String – GeeksForGeeks
Pattern – Geeks
Output: XforX
 
String – GeeksGeeks
Pattern – Geeks
Output: X

String – aaaa
Pattern – aa
Output: X

String – aaaaa
Pattern – aa
Output: Xa

The idea is to maintain two index i and j for in-place replacement. Index i always points to next character in the output string. Index j traverses the string and searches for one or more pattern match. If a match is found, we put character ‘X’ at index i and increment index i by 1 and index j by length of the pattern. Index i is increment only once if we find multiple consecutive occurrences of the pattern.
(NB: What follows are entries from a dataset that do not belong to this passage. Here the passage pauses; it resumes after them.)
(* Suppose Algorithm SC is run on a source function $b$ with $|b(v)|\le\deg(v)$ for all $v$, with $\alpha\in(0,1/4]$ and $T$ satisfying $\alpha^2T\ge\ln(2n+5Tn^2)$, and completes all $T$ rounds without terminating in step (4). Then $|b(v)-(B\bar f)_v|\le5\alpha\deg(v)$ for every $v\in V$.
   Context: Let $G=(V,E)$ be a unit-capacity undirected graph, $n=|V|\ge3$, every vertex of degree $\deg(v)\ge1$, each edge with a fixed arbitrary orientation; $B\in\mathbb R^{V\times E}$ is the incidence matrix (column $(u,v)$ has $+1$ in row $u$, $-1$ in row $v$, $0$ elsewhere). Algorithm SC takes $b\in\mathbb R^V$ with $|b(v)|\le\deg(v)$ for all $v$, $\alpha\in(0,1/4]$ and an integer $T\ge1$. Set $w^1_{v,+}=w^1_{v,-}=1$ for all $v$. For $i=1,\dots,T$: (1) for $\circ\in\{+,-\}$, $\tilde w^i_{v,\circ}=w^i_{v,\circ}$ if $w^i_{v,\circ}\ge n$ and $\tilde w^i_{v,\circ}=0$ otherwise; (2) $\tilde\phi^i_v=(\tilde w^i_{v,+}-\tilde w^i_{v,-})/\deg(v)$; (3) for each edge $(u,v)$, $f^i(u,v)=+1$ if $\tilde\phi^i_u>\tilde\phi^i_v$, $-1$ if $\tilde\phi^i_u<\tilde\phi^i_v$, $0$ otherwise; (4) if $\langle\tilde\phi^i,b\rangle>\langle\tilde\phi^i,Bf^i\rangle$, terminate; (5) $r^i_v=(b(v)-(Bf^i)_v)/\deg(v)$; (6) $w^{i+1}_{v,+}=w^i_{v,+}(1+\alpha r^i_v)$ and $w^{i+1}_{v,-}=w^i_{v,-}(1-\alpha r^i_v)$. If all $T$ rounds complete, output $\bar f=\frac1T\sum_{i=1}^Tf^i$. *)

From HB Require Import structures.
From mathcomp Require Import all_boot all_order all_algebra.
From mathcomp Require Import reals exp.
Set Implicit Arguments. Unset Strict Implicit. Unset Printing Implicit Defensive.
Import Order.TTheory GRing.Theory Num.Theory.
Local Open Scope ring_scope.

Section AlgorithmSC.
Variables (R : realType) (V E : finType) (src dst : E -> V).

Definition simple_graph : Prop :=
  (forall e, src e != dst e) /\
  (forall e1 e2, ((src e1 == src e2) && (dst e1 == dst e2)) ||
                 ((src e1 == dst e2) && (dst e1 == src e2)) -> e1 = e2).

Definition deg (v : V) : nat := #|[set e | (src e == v) || (dst e == v)]|.

(* Incidence matrix B applied to a flow f : E -> R. *)
Definition Bmul (f : E -> R) (v : V) : R :=
  \sum_(e : E) (((src e == v)%:R - (dst e == v)%:R) * f e).

Definition inner (x y : V -> R) : R := \sum_(v : V) x v * y v.

Variables (b : V -> R) (alpha : R).

Definition trunc (w : R) : R := if (#|V|%:R <= w) then w else 0.

Definition phit (wp wm : V -> R) (v : V) : R :=
  (trunc (wp v) - trunc (wm v)) / (deg v)%:R.

Definition flow_of (phi : V -> R) (e : E) : R :=
  if phi (dst e) < phi (src e) then 1
  else if phi (src e) < phi (dst e) then -1 else 0.

(* weights k = (w^{k+1}_+, w^{k+1}_-), i.e. weights 0 = w^1 *)
Fixpoint weights (k : nat) : (V -> R) * (V -> R) :=
  match k with
  | O => (fun _ => 1, fun _ => 1)
  | k'.+1 =>
    let: (wp, wm) := weights k' in
    let phi := phit wp wm in
    let f := flow_of phi in
    let r := fun v => (b v - Bmul f v) / (deg v)%:R in
    (fun v => wp v * (1 + alpha * r v), fun v => wm v * (1 - alpha * r v))
  end.

(* phi_k = \tilde\phi^{k+1}, flow k = f^{k+1} *)
Definition phi_at (k : nat) : V -> R := phit (weights k).1 (weights k).2.
Definition flow (k : nat) : E -> R := flow_of (phi_at k).

(* step (4) termination test at round k+1 *)
Definition terminates_at (k : nat) : Prop :=
  inner (phi_at k) b > inner (phi_at k) (Bmul (flow k)).

Definition fbar (T : nat) (e : E) : R := (T%:R)^-1 * \sum_(i < T) flow i e.

End AlgorithmSC.

(* The potential Phi_k = sum_v (w+_v + w-_v) grows by
   alpha * sum_v (w+_v - w-_v) r_v in a round. The truncated parts of the
   weights contribute <= 0 to this sum exactly when step (4) does not fire, and
   the remainders lie in [0, n], so Phi_(k+1) <= Phi_k + n^2 and
   Phi_T <= 2n + T n^2 <= exp (alpha^2 T). Conversely
   w+-_T(v) = prod_i (1 +- alpha r_i(v)) >= exp (+- alpha S - alpha^2 sum_i r_i(v)^2)
   with S = sum_i r_i(v), since 1 + x >= exp (x - x^2) for |x| <= 1/2 and
   |alpha r_i| <= 2 alpha <= 1/2. Hence |S| <= 5 alpha T, while
   b(v) - (B fbar)_v = deg(v) S / T. *)

From HB Require Import structures.
From mathcomp Require Import all_boot all_order all_algebra.
From mathcomp Require Import reals exp sequences ring lra.
Set Implicit Arguments. Unset Strict Implicit. Unset Printing Implicit Defensive.
Import Order.TTheory GRing.Theory Num.Theory.
Local Open Scope ring_scope.

Section ExpBounds.
Variable R : realType.

Lemma expR_ge_taylor2 {t : R} : 0 <= t -> 1 + t + t ^+ 2 / 2 <= expR t.
Proof.
move=> t_ge0.
have incr : nondecreasing_seq (series (exp_coeff t)).
  by apply: nondecreasing_series => n _ _; exact: exp_coeff_ge0.
apply: le_trans (nondecreasing_cvgn_le incr (is_cvg_series_exp_coeff t) 3).
rewrite /series /= !big_nat_recr //= big_geq // /exp_coeff /=.
by rewrite expr0 expr1 !factE /= add0r !divr1.
Qed.

Lemma expR_subX_le1D (x : R) : `|x| <= 1 / 2 -> expR (x - x ^+ 2) <= 1 + x.
Proof.
move=> /ler_normlP[x_ge x_le].
rewrite -[x - _]opprB expRN -[_^-1]mul1r ler_pdivrMr ?expR_gt0 //.
have [x_ge0|x_lt0] := leP 0 x.
  by have := expR_ge1Dx (x ^+ 2 - x); nra.
have t_ge0 : 0 <= x ^+ 2 - x by nra.
by have := expR_ge_taylor2 t_ge0; nra.
Qed.

Lemma expR_sum_le_prod (I : Type) (s : seq I) (x : I -> R) :
  (forall i, `|x i| <= 1 / 2) ->
  expR (\sum_(i <- s) (x i - x i ^+ 2)) <= \prod_(i <- s) (1 + x i).
Proof.
move=> x_small; rewrite expR_sum; apply: ler_prod => i _.
by rewrite expR_ge0 expR_subX_le1D.
Qed.

End ExpBounds.

Lemma flow_of_norm_le1 (R : realType) (V E : finType) (src dst : E -> V)
    (phi : V -> R) (e : E) :
  `|flow_of src dst phi e| <= 1.
Proof.
by rewrite /flow_of; case: ifP => _; [|case: ifP => _];
  rewrite ?normrN ?normr1 ?normr0.
Qed.

Lemma Bmul_norm_le_deg (R : realType) (V E : finType) (src dst : E -> V)
    (f : E -> R) (v : V) :
  (forall e, `|f e| <= 1) -> `|Bmul src dst f v| <= (deg src dst v)%:R.
Proof.
move=> f_le1; rewrite /Bmul /deg -sum1_card natr_sum [X in _ <= X]big_mkcond /=.
apply: le_trans (ler_norm_sum _ _ _) _; apply: ler_sum => e _.
rewrite inE normrM; have := f_le1 e; have := normr_ge0 (f e).
by case: (src e == v); case: (dst e == v) => /= ? ?;
  rewrite ?subrr ?normr0 ?mul0r ?subr0 ?sub0r ?normrN ?normr1 ?mul1r.
Qed.

Lemma Bmul_avg (R : realType) (V E : finType) (src dst : E -> V)
    (T : nat) (f : nat -> E -> R) (c : R) (v : V) :
  Bmul src dst (fun e => c * \sum_(i < T) f i e) v =
  c * \sum_(i < T) Bmul src dst (f i) v.
Proof.
rewrite /Bmul mulr_sumr; under [RHS]eq_bigr do rewrite mulr_sumr.
by rewrite exchange_big; apply: eq_bigr => e _; rewrite mulrCA !mulr_sumr.
Qed.

Lemma trunc_gap (R : realType) (V : finType) (w : R) :
  0 < w -> 0 <= w - trunc V w <= #|V|%:R.
Proof.
move=> w_gt0; rewrite /trunc; case: ifP => w_ge; first by rewrite subrr lexx ler0n.
by rewrite subr0 (ltW w_gt0) /= ltW // ltNge w_ge.
Qed.

Section MultiplicativeWeights.
Variables (R : realType) (V E : finType) (src dst : E -> V) (b : V -> R) (alpha : R).
Hypothesis deg_ge1 : forall v, (1 <= deg src dst v)%N.
Hypothesis b_le_deg : forall v, `|b v| <= (deg src dst v)%:R.
Hypothesis alpha_gt0 : 0 < alpha.
Hypothesis alpha_le : alpha <= 1 / 4.

Local Notation deg := (deg src dst).
Local Notation Bmul := (Bmul src dst).
Local Notation weights := (weights src dst b alpha).
Local Notation phi_at := (phi_at src dst b alpha).
Local Notation flow := (flow src dst b alpha).
Local Notation terminates_at := (terminates_at src dst b alpha).
Local Notation n := (#|V|%:R : R).

Definition residual (k : nat) (v : V) : R := (b v - Bmul (flow k) v) / (deg v)%:R.

Definition potential (k : nat) : R := \sum_v ((weights k).1 v + (weights k).2 v).

Lemma deg_gt0 v : 0 < (deg v)%:R :> R.
Proof. by rewrite ltr0n; exact: deg_ge1. Qed.

Lemma weightsS k :
  weights k.+1 = (fun v => (weights k).1 v * (1 + alpha * residual k v),
                  fun v => (weights k).2 v * (1 - alpha * residual k v)).
Proof. by rewrite /= /residual /flow /phi_at; case: (weights k). Qed.

Lemma weightsP_prod k v : (weights k).1 v = \prod_(i < k) (1 + alpha * residual i v).
Proof. by elim: k => [|k IH]; rewrite ?big_ord0 // weightsS big_ord_recr /= IH. Qed.

Lemma weightsM_prod k v : (weights k).2 v = \prod_(i < k) (1 - alpha * residual i v).
Proof. by elim: k => [|k IH]; rewrite ?big_ord0 // weightsS big_ord_recr /= IH. Qed.

Lemma residual_norm_le2 k v : `|residual k v| <= 2.
Proof.
rewrite /residual normrM normfV (gtr0_norm (deg_gt0 v)) ler_pdivrMr ?deg_gt0 //.
have := Bmul_norm_le_deg src dst v (fun e => flow_of_norm_le1 src dst (phi_at k) e).
by have := b_le_deg v; have := ler_normB (b v) (Bmul (flow k) v); lra.
Qed.

Lemma alpha_residual_norm_le k v : `|alpha * residual k v| <= 1 / 2.
Proof.
rewrite normrM (gtr0_norm alpha_gt0).
apply: le_trans (ler_wpM2l (ltW alpha_gt0) (residual_norm_le2 k v)) _.
by have := alpha_le; lra.
Qed.

Lemma weights_gt0 k v : 0 < (weights k).1 v /\ 0 < (weights k).2 v.
Proof.
rewrite weightsP_prod weightsM_prod.
by split; apply: prodr_gt0 => i _;
  have /ler_normlP[] := alpha_residual_norm_le i v; lra.
Qed.

Lemma weights_le_potential k v :
  (weights k).1 v <= potential k /\ (weights k).2 v <= potential k.
Proof.
have pair_le : (weights k).1 v + (weights k).2 v <= potential k.
  rewrite /potential (bigD1 v) //= lerDl; apply: sumr_ge0 => u _.
  by have [] := weights_gt0 k u; lra.
by have [] := weights_gt0 k v; lra.
Qed.

Lemma weightsP_ge k v :
  expR (\sum_(i < k) (alpha * residual i v - (alpha * residual i v) ^+ 2))
  <= (weights k).1 v.
Proof.
by rewrite weightsP_prod; apply: expR_sum_le_prod => i; exact: alpha_residual_norm_le.
Qed.

Lemma weightsM_ge k v :
  expR (\sum_(i < k) (- (alpha * residual i v) - (alpha * residual i v) ^+ 2))
  <= (weights k).2 v.
Proof.
under eq_bigr do rewrite -sqrrN.
rewrite weightsM_prod; apply: expR_sum_le_prod => i.
by rewrite normrN; apply: alpha_residual_norm_le.
Qed.

Lemma potentialS k :
  potential k.+1 =
  potential k + alpha * \sum_v ((weights k).1 v - (weights k).2 v) * residual k v.
Proof.
rewrite /potential weightsS /= mulr_sumr -big_split /=.
by apply: eq_bigr => v _; ring.
Qed.

Lemma trunc_residual_sum k :
  \sum_v (trunc V ((weights k).1 v) - trunc V ((weights k).2 v)) * residual k v =
  inner (phi_at k) b - inner (phi_at k) (Bmul (flow k)).
Proof.
rewrite /inner -sumrB; apply: eq_bigr => v _.
rewrite /residual /phi_at /phit; field.
by rewrite lt0r_neq0 ?deg_gt0.
Qed.

(* The truncation in step (1) keeps this error term independent of the weights. *)
Lemma gap_residual_le k v :
  ((weights k).1 v - trunc V ((weights k).1 v)
   - ((weights k).2 v - trunc V ((weights k).2 v))) * residual k v <= 2 * n.
Proof.
have [wp_gt0 wm_gt0] := weights_gt0 k v.
have /andP[? ?] := trunc_gap V wp_gt0; have /andP[? ?] := trunc_gap V wm_gt0.
apply: le_trans (ler_norm _) _; rewrite normrM mulrC.
apply: ler_pM; rewrite ?normr_ge0 ?residual_norm_le2 // ler_norml.
by apply/andP; split; lra.
Qed.

Lemma potentialS_le k : ~ terminates_at k -> potential k.+1 <= potential k + n ^+ 2.
Proof.
move=> not_term; rewrite potentialS lerD2l.
set wp := (weights k).1; set wm := (weights k).2.
set tp := fun v => trunc V (wp v); set tm := fun v => trunc V (wm v).
have -> : \sum_v (wp v - wm v) * residual k v =
  \sum_v (tp v - tm v) * residual k v +
  \sum_v ((wp v - tp v) - (wm v - tm v)) * residual k v.
  by rewrite -big_split; apply: eq_bigr => v _ /=; ring.
have trunc_le0 : \sum_v (tp v - tm v) * residual k v <= 0.
  by rewrite trunc_residual_sum subr_le0 leNgt; apply/negP.
have gap_le : \sum_v ((wp v - tp v) - (wm v - tm v)) * residual k v <= 2 * n ^+ 2.
  apply: le_trans (_ : _ <= \sum_(v : V) 2 * n) _.
    by apply: ler_sum => v _; exact: gap_residual_le.
  by rewrite sumr_const -[_ *+ _]mulr_natr -mulrA expr2.
by have := sqr_ge0 n; have := alpha_gt0; have := alpha_le; nra.
Qed.

Lemma potential_le T : (forall k, (k < T)%N -> ~ terminates_at k) ->
  forall k, (k <= T)%N -> potential k <= 2 * n + k%:R * n ^+ 2.
Proof.
move=> not_term; elim=> [|k IH] k_le.
  by rewrite /potential /= sumr_const mul0r addr0 -[_ *+ _]mulr_natr.
apply: le_trans (potentialS_le (not_term k k_le)) _.
by have := IH (ltnW k_le); rewrite -addn1 natrD; lra.
Qed.

Lemma defect_fbar T v : (0 < T)%N ->
  b v - Bmul (fbar src dst b alpha T) v =
  (deg v)%:R / T%:R * \sum_(i < T) residual i v.
Proof.
move=> T_gt0; rewrite Bmul_avg.
have -> : b v = T%:R^-1 * \sum_(i < T) b v.
  by rewrite sumr_const card_ord -[b v *+ T]mulr_natr mulrC mulfK // pnatr_eq0 -lt0n.
rewrite -mulrBr -sumrB !mulr_sumr; apply: eq_bigr => i _; rewrite /residual.
by field; rewrite !lt0r_neq0 ?deg_gt0 // ltr0n.
Qed.

Variable T : nat.
Hypothesis V_gt0 : (0 < #|V|)%N.
Hypothesis not_term : forall k, (k < T)%N -> ~ terminates_at k.
Hypothesis T_large : ln (2 * n + 5 * T%:R * n ^+ 2) <= alpha ^+ 2 * T%:R.

Lemma potential_le_expR : potential T <= expR (alpha ^+ 2 * T%:R).
Proof.
have n_gt0 : 0 < n by rewrite ltr0n.
have T_ge0 : 0 <= T%:R :> R by [].
have bound_gt0 : 0 < 2 * n + 5 * T%:R * n ^+ 2 by have := sqr_ge0 n; nra.
apply: le_trans (potential_le not_term (leqnn T)) _.
apply: le_trans (_ : _ <= expR (ln (2 * n + 5 * T%:R * n ^+ 2))) _.
  by rewrite lnK //; have := sqr_ge0 n; nra.
by rewrite ler_expR.
Qed.

Lemma norm_sum_residual_le v : `|\sum_(i < T) residual i v| <= 5 * alpha * T%:R.
Proof.
pose x i := alpha * residual i v.
have sqr_le : \sum_(i < T) x i ^+ 2 <= 4 * alpha ^+ 2 * T%:R.
  apply: le_trans (_ : _ <= \sum_(i < T) 4 * alpha ^+ 2) _.
    apply: ler_sum => i _; rewrite /x exprMn mulrC ler_wpM2r ?sqr_ge0 //.
    rewrite -real_normK ?num_real //.
    by have := residual_norm_le2 i v; have := normr_ge0 (residual i v); nra.
  by rewrite sumr_const card_ord mulr_natr.
have sum_le (s : 'I_T -> R) :
    expR (\sum_(i < T) (s i - x i ^+ 2)) <= expR (alpha ^+ 2 * T%:R) ->
    \sum_(i < T) s i <= 5 * alpha ^+ 2 * T%:R.
  by rewrite ler_expR sumrB; lra.
have [wp_le wm_le] := weights_le_potential T v.
have up : \sum_(i < T) x i <= 5 * alpha ^+ 2 * T%:R.
  apply: sum_le; apply: le_trans (weightsP_ge T v) _.
  exact: le_trans wp_le potential_le_expR.
have down : \sum_(i < T) - x i <= 5 * alpha ^+ 2 * T%:R.
  apply: sum_le; apply: le_trans (weightsM_ge T v) _.
  exact: le_trans wm_le potential_le_expR.
suff : `|\sum_(i < T) x i| <= alpha * (5 * alpha * T%:R).
  by rewrite /x -mulr_sumr normrM (gtr0_norm alpha_gt0) ler_pM2l.
rewrite sumrN in down; rewrite ler_norml.
by apply/andP; split; lra.
Qed.

End MultiplicativeWeights.

Theorem lemma2p6 (R : realType) (V E : finType) (src dst : E -> V)
  (b : V -> R) (alpha : R) (T : nat) :
  simple_graph src dst ->
  (3 <= #|V|)%N ->
  (forall v, (1 <= deg src dst v)%N) ->
  (forall v, `|b v| <= (deg src dst v)%:R) ->
  0 < alpha -> alpha <= 1 / 4 ->
  (1 <= T)%N ->
  ln (2 * #|V|%:R + 5 * T%:R * #|V|%:R ^+ 2) <= alpha ^+ 2 * T%:R ->
  (forall k, (k < T)%N -> ~ terminates_at src dst b alpha k) ->
  forall v, `|b v - Bmul src dst (fbar src dst b alpha T) v|
            <= 5 * alpha * (deg src dst v)%:R.
Proof.
move=> _ V_ge3 deg_ge1 b_le_deg alpha_gt0 alpha_le T_gt0 T_large not_term v.
have V_gt0 : (0 < #|V|)%N by exact: leq_trans V_ge3.
rewrite (defect_fbar b alpha deg_ge1 v T_gt0) normrM ger0_norm; last first.
  by rewrite divr_ge0.
apply: le_trans (ler_wpM2l _ (norm_sum_residual_le deg_ge1 b_le_deg
  alpha_gt0 alpha_le V_gt0 not_term T_large v)) _; first by rewrite divr_ge0.
suff -> : (deg src dst v)%:R / T%:R * (5 * alpha * T%:R) =
          5 * alpha * (deg src dst v)%:R by [].
by field; rewrite pnatr_eq0 -lt0n.
Qed.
If the pattern is not found, we copy current character at index j to index i and increment both i and j by 1. Since pattern length is always more than equal to 1 and replacement is only 1 character long, we would never overwrite unprocessed characters i.e j >= i is invariant.

C++

// C++ program to in-place replace multiple
// occurrences of a pattern by character ‘X’
#include <bits/stdc++.h>
using namespace std;
 
// returns true if pattern is prefix of str
bool compare(char* str, char* pattern)
{
    for (int i = 0; pattern[i]; i++)
        if (str[i] != pattern[i])
            return false;
    return true;
}
 
// Function to in-place replace multiple
// occurrences of a pattern by character ‘X’
void replacePattern(char* str, char* pattern)
{
    // If pattern is null or empty string,
    // nothing needs to be done
    if (pattern == NULL)
        return;
 
    int len = strlen(pattern);
    if (len == 0)
        return;
 
    int i = 0, j = 0;
    int count;
 
    // for each character
    while (str[j]) {
        count = 0;
 
        // compare str[j..j+len] with pattern
        while (compare(str + j, pattern)) {
            // increment j by length of pattern
            j = j + len;
            count++;
        }
 
        // If single or multiple occurrences of pattern
        // is found, replace it by character 'X'
        if (count > 0)
            str[i++] = 'X';
 
        // copy character at current position j
        // to position i and increment i and j
        if (str[j])
            str[i++] = str[j++];
    }
 
    // add a null character to terminate string
    str[i] = '\0';
}
 
// Driver code
int main()
{
    char str[] = "GeeksforGeeks";
    char pattern[] = "Geeks";
 
    replacePattern(str, pattern);
    cout << str;
 
    return 0;
}

Output:

XforX

The time complexity of above algorithm is O(n*m), where n is length of string and m is length of the pattern.
Implementation using STL

The idea of this implementation is to use the STL in-built functions 
to search for pattern string in main string and then erasing it 
from the main string

C++

// C++ program to in-place replace multiple
// occurrences of a pattern by character ‘X’
#include <bits/stdc++.h>
using namespace std;
 
// Function to in-place replace multiple
// occurrences of a pattern by character ‘X’
void replacePattern(string str, string pattern)
{
 
    // making an iterator for string str
    string::iterator it = str.begin();
    // run this loop until iterator reaches end of string
    while (it != str.end()) {
        // searching the first index in string str where
        // the first occurrence of string pattern occurs
        it = search(str.begin(), str.end(), pattern.begin(), pattern.end());
        // checking if iterator is not pointing to end of the
        // string str
        if (it != str.end()) {
            // erasing the full pattern string from that iterator
            // position in string str
            str.erase(it, it + pattern.size());
            // inserting 'X' at that iterator position
            str.insert(it, 'X');
        }
    }
 
    // this loop removes consecutive 'X' in string s
    // Example: GeeksGeeksforGeeks was changed to 'XXforX'
    // running this loop will change it to 'XforX'
    for (int i = 0; i < str.size() - 1; i++) {
        if (str[i] == 'X' && str[i + 1] == 'X') {
            // removing 'X' at position i in string str
            str.erase(str.begin() + i);
            i--; // i-- because one character was deleted
            // so repositioning i
        }
    }
    cout << str;
}
 
// Driver code
int main()
{
    string str = "GeeksforGeeks";
    string pattern = "Geeks";
 
    replacePattern(str, pattern);
 
    return 0;
}

Output:

XforX

This article is contributed by Aditya Goel. If you like GeeksforGeeks and would like to contribute, you can also write an article and mail your article to review-team@geeksforgeeks.org. See your article appearing on the GeeksforGeeks main page and help other Geeks.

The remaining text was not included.